阁楼下方,郭芙正气呼呼的跟那些极乐阁弟子对峙。
鉴于不清楚陈钰目前是何等状况,也不敢贸然动手,只涨红着脸,叫东方白那个不要脸的小浪蹄子把自家钰哥还回来。
此刻的郭大小姐,像极了跑来抓奸的原配。
骂人骂的气喘吁吁,但见对面那些个漂漂亮亮的小娇娘还是笑眯眯的模样。
郭芙恨恨的跺了跺脚,微微扭头,低声道:“怎么样,动手么?再拖下去,我怕钰哥真被这些人吃干抹净了。”
阿紫撇撇嘴,翻了个白眼,示意她退后。
自己则大摇大摆的走上前。
这些娇俏少女皆是当初洪安通带上岛的“童女”,自幼被洗脑,对上位者有着近乎于宗教的忠诚。
后来东方白夺了洪安通的神龙教,费了不少劲,方才将她们尽数收服。
面对似乎要动手的阿紫,这些人俊俏的脸蛋上并无丝毫畏惧。
甚至眉眼含笑,齐声道:“教主正在招待陛下,旁人不可打扰。”
“再不开门,我...我就把你们都杀了!”郭芙气恼顿足。
那领头的红衣少女温婉欠身,娇声笑道:“夫人就是杀了我们这些奴婢,奴婢们今天也是不能将门打开的,除非教主和陛下有命。”
郭芙一时气急,正要再叫,却被阿紫抬手阻拦。
歪着头,若无其事的问道:“陈钰哥哥在哪一层?”
众女面面相觑,仰头看了眼高耸入云的阁楼,实在不知她为何这般询问。
阿紫却是有些不耐烦了,虎着脸叫道:“我又没让你打开门,只问我家好哥哥在哪一层风流快活,这都不能说嘛!”
那些极乐阁弟子皆好奇的盯着她。
许久,一位十四五岁,甜美可人的少女小心翼翼的开口道:“姐姐,陛下在七十一层。”
嗯?
阿紫、郭芙齐齐看向她。
只见那少女说完话后,身旁的一位胸围颇为壮观,相貌端秀的妇人便紧张的将她拽到身后。
“哼哼,知道那大坏蛋在多少层就好办了。”
阿紫阴恻恻道,撸起袖口,开始摩拳擦掌。
“喂,你...你要做什么?”
郭芙左顾右盼,冷着脸轻轻拽了拽她的衣裳。
“草包郭大姐。”阿紫朝她吐了吐舌头,得意洋洋道:“当然是救陈钰哥哥于苦海之中呀,小阿紫可是很善良的,怎么会让他经受这样的折磨。”

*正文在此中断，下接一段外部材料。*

Lemma cmxM_eq0 p q (X : 'M[R]_(p, q)) (v : 'cV[R[i]]_q) :
  (cmx X *m v = 0) <-> (X *m mxRe v = 0 /\ X *m mxIm v = 0).
Proof.
rewrite -mxRe_cmxM -mxIm_cmxM; split => [/eqP|[Re0 Im0]].
  by rewrite mxReIm_eq0 => /andP[/eqP ? /eqP ?].
by apply/eqP; rewrite mxReIm_eq0 Re0 Im0 eqxx.
Qed.

Lemma cvec_qform_gt0 (H : 'M[R]_m) (v : 'cV[R[i]]_m) : posdef H -> v != 0 ->
  0 < qform H (mxRe v) + qform H (mxIm v).
Proof.
move=> Hpd; rewrite mxReIm_eq0 negb_and => /orP[/Hpd|/Hpd] pos.
  by rewrite ltr_wpDr // posdef_qform_ge0.
by rewrite ltr_wpDl // posdef_qform_ge0.
Qed.

Section Lyapunov.
Variables (H A Q : 'M[R]_m).
Hypotheses (HT : H^T = H) (lyapA : H *m A + A^T *m H = Q).

Lemma lyapunov_qform y : qform Q y = 2 * (y^T *m H *m (A *m y)) 0 0.
Proof.
rewrite -lyapA /qform mulmxDr mulmxDl addmxE mulr2n mulrDl mul1r.
by rewrite (mulmxA y^T A^T H) -trmx_mul (bilin_sym _ y HT) !mulmxA.
Qed.

Lemma lyapunov_eigen_identity lam v : cmx A *m v = lam *: v ->
  2 * complex.Re lam * (qform H (mxRe v) + qform H (mxIm v)) =
  qform Q (mxRe v) + qform Q (mxIm v).
Proof.
move=> Av; have := congr1 (@mxIm _ _) Av; have := congr1 (@mxRe _ _) Av.
rewrite mxRe_cmxM mxIm_cmxM mxReZ mxImZ !lyapunov_qform => -> ->.
rewrite mulmxBr mulmxDr -!scalemxAr submxE addmxE !scalemxE.
by rewrite (bilin_sym (mxIm v) (mxRe v) HT) /qform; ring.
Qed.

Hypotheses (Hpd : posdef H) (Qpsd : psd Q).

Lemma lyapunov_Re_ge0 lam v : eigenpair A lam v -> 0 <= complex.Re lam.
Proof.
move=> [vn0 /lyapunov_eigen_identity e]; have pos := cvec_qform_gt0 Hpd vn0.
have := Qpsd (mxRe v); have := Qpsd (mxIm v); rewrite -!/(qform _ _) => ? ?.
nra.
Qed.

Lemma lyapunov_Re0_ker lam v : Q^T = Q -> eigenpair A lam v ->
  complex.Re lam = 0 -> cmx Q *m v = 0.
Proof.
move=> QT [_ /lyapunov_eigen_identity] e Re0; apply/cmxM_eq0.
have := Qpsd (mxRe v); have := Qpsd (mxIm v); rewrite -!/(qform _ _) => ? ?.
move: e; rewrite Re0 mulr0 mul0r => e.
by split; apply: psd_qform_eq0 => //; lra.
Qed.

End Lyapunov.

Lemma skew_eigen_Re0 (H A : 'M[R]_m) lam v : H^T = H -> posdef H ->
  H *m A + A^T *m H = 0 -> eigenpair A lam v -> complex.Re lam = 0.
Proof.
move=> HT Hpd skewA [vn0 /(lyapunov_eigen_identity HT skewA)].
have qform0 u : qform 0 u = 0 by rewrite /qform mulmx0 mul0mx mxE.
rewrite !qform0 addr0 => /eqP; rewrite !mulf_eq0 pnatr_eq0 /=.
by rewrite (gt_eqF (cvec_qform_gt0 Hpd vn0)) orbF => /eqP.
Qed.

Lemma eigenpair_cmxX (A : 'M[R]_m) lam (v : 'cV[R[i]]_m) k :
  cmx A *m v = lam *: v -> cmx (A ^+ k) *m v = lam ^+ k *: v.
Proof.
move=> Av; elim: k => [|k IH]; first by rewrite !expr0 map_mx1 mul1mx scale1r.
by rewrite exprSr map_mxM -mulmxA Av -scalemxAr IH scalerA exprS.
Qed.

End ComplexEigenpairs.

Section UnobservableSubspace.
Variables (R : fieldType) (m : nat) (P A : 'M[R]_m).

Fixpoint unobs_mx k : 'M[R]_m :=
  if k is k'.+1 then (unobs_mx k' :&: kermx ((P *m A ^+ k')^T))%MS else 1%:M.

Lemma sub_unobs_mx p (X : 'M[R]_(p, m)) k :
  (X <= unobs_mx k)%MS <-> (forall i, (i < k)%N -> X *m (P *m A ^+ i)^T = 0).
Proof.
elim: k => [|k IH] /=; first by split=> // _; apply: submx1.
rewrite sub_capmx; split => [/andP[/IH Xk /sub_kermxP XPk] i|XP].
  by rewrite ltnS leq_eqVlt => /orP[/eqP->|/Xk].
by apply/andP; split; [apply/IH => i ik; apply: XP; lia|apply/sub_kermxP/XP].
Qed.

Lemma unobs_mx_stable : exists k, (unobs_mx k <= unobs_mx k.+1)%MS.
Proof.
(* Otherwise the rank of unobs_mx k would drop m + 1 times. *)
suff [//|] : (exists k, (unobs_mx k <= unobs_mx k.+1)%MS) \/
             (\rank (unobs_mx m.+1) + m.+1 <= m)%N by lia.
elim: m.+1 => [|k [|rk]]; [by right; rewrite addn0 rank_leq_col|by left|].
have [stab|nstab] := boolP (unobs_mx k <= unobs_mx k.+1)%MS.
  by left; exists k.
right; have [le_rk eq_rk] :=
  mxrank_leqif_sup (capmxSl (unobs_mx k) (kermx ((P *m A ^+ k)^T))).
have : (\rank (unobs_mx k.+1) < \rank (unobs_mx k))%N.
  by rewrite ltn_neqAle eq_rk (negbTE nstab) le_rk.
lia.
Qed.

(* Kalman's unobservable subspace of (P, A) in row form, read off where the
   decreasing chain [unobs_mx k] stops decreasing. *)
Definition unobs := unobs_mx (xchoose unobs_mx_stable).

Lemma trmx_mulmxXSr k : (P *m A ^+ k.+1)^T = A^T *m (P *m A ^+ k)^T.
Proof. by rewrite exprSr mulmxA !trmx_mul. Qed.

Lemma unobs_mulmx_tr p (X : 'M[R]_(p, m)) :
  (X <= unobs)%MS -> (X *m A^T <= unobs)%MS.
Proof.
have stab := xchooseP unobs_mx_stable.
move=> /submx_trans /(_ stab) /sub_unobs_mx XP; apply/sub_unobs_mx => i lti.
by rewrite -mulmxA -trmx_mulmxXSr XP.
Qed.

Lemma sub_unobs p (X : 'M[R]_(p, m)) :
  (X <= unobs)%MS <-> (forall k, X *m (P *m A ^+ k)^T = 0).
Proof.
split=> [|XP]; last by apply/sub_unobs_mx => k _; apply: XP.
move=> Xunobs k; elim: k p X Xunobs => [|k IH] p X Xunobs.
  have /sub_unobs_mx := submx_trans Xunobs (xchooseP unobs_mx_stable).
  by apply.
by rewrite trmx_mulmxXSr mulmxA IH // unobs_mulmx_tr.
Qed.

Lemma row_base_unobs_mulP : P^T = P -> row_base unobs *m P = 0.
Proof.
move=> PT; have /sub_unobs/(_ 0%N) : (row_base unobs <= unobs)%MS.
  by rewrite eq_row_base.
by rewrite expr0 mulmx1 PT.
Qed.

End UnobservableSubspace.

Section InvariantKernelCorrection.
Variables (R : rcfType) (m r : nat) (H A P : 'M[R]_m) (B : 'M[R]_(r, m)).
Hypotheses (HT : H^T = H) (Hpd : posdef H) (PT : P^T = P).
Hypothesis lyapA : H *m A + A^T *m H = P.
Hypothesis A_inj : forall w : 'cV[R]_m, P *m w = 0 -> A *m w = 0 -> w = 0.
Hypotheses (Bfree : row_free B) (BP : B *m P = 0) (BA : stablemx B A^T).
Hypothesis Bmax :
  forall w : 'cV[R]_m, (forall k, P *m A ^+ k *m w = 0) -> (w^T <= B)%MS.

郭芙一怔,旋即气红了脸道:“你才是草包!不许这样叫我!”
阿紫却是没再理会她。
但见那些挡路的极乐阁弟子瞬间警惕起来,围堵到门前。
乌溜溜的眼珠子转了转,忽得施展轻功,一个大跳,便攀上了右侧的房沿。
众人皆面露诧异,惊慌失措的看向她。
见状,阿紫更是得意,傲然抬头:“你们都是小喽啰,本大王今天高兴,就不杀你们了,但是你们要阻拦本大王寻找陈钰哥哥,那是痴人说梦。”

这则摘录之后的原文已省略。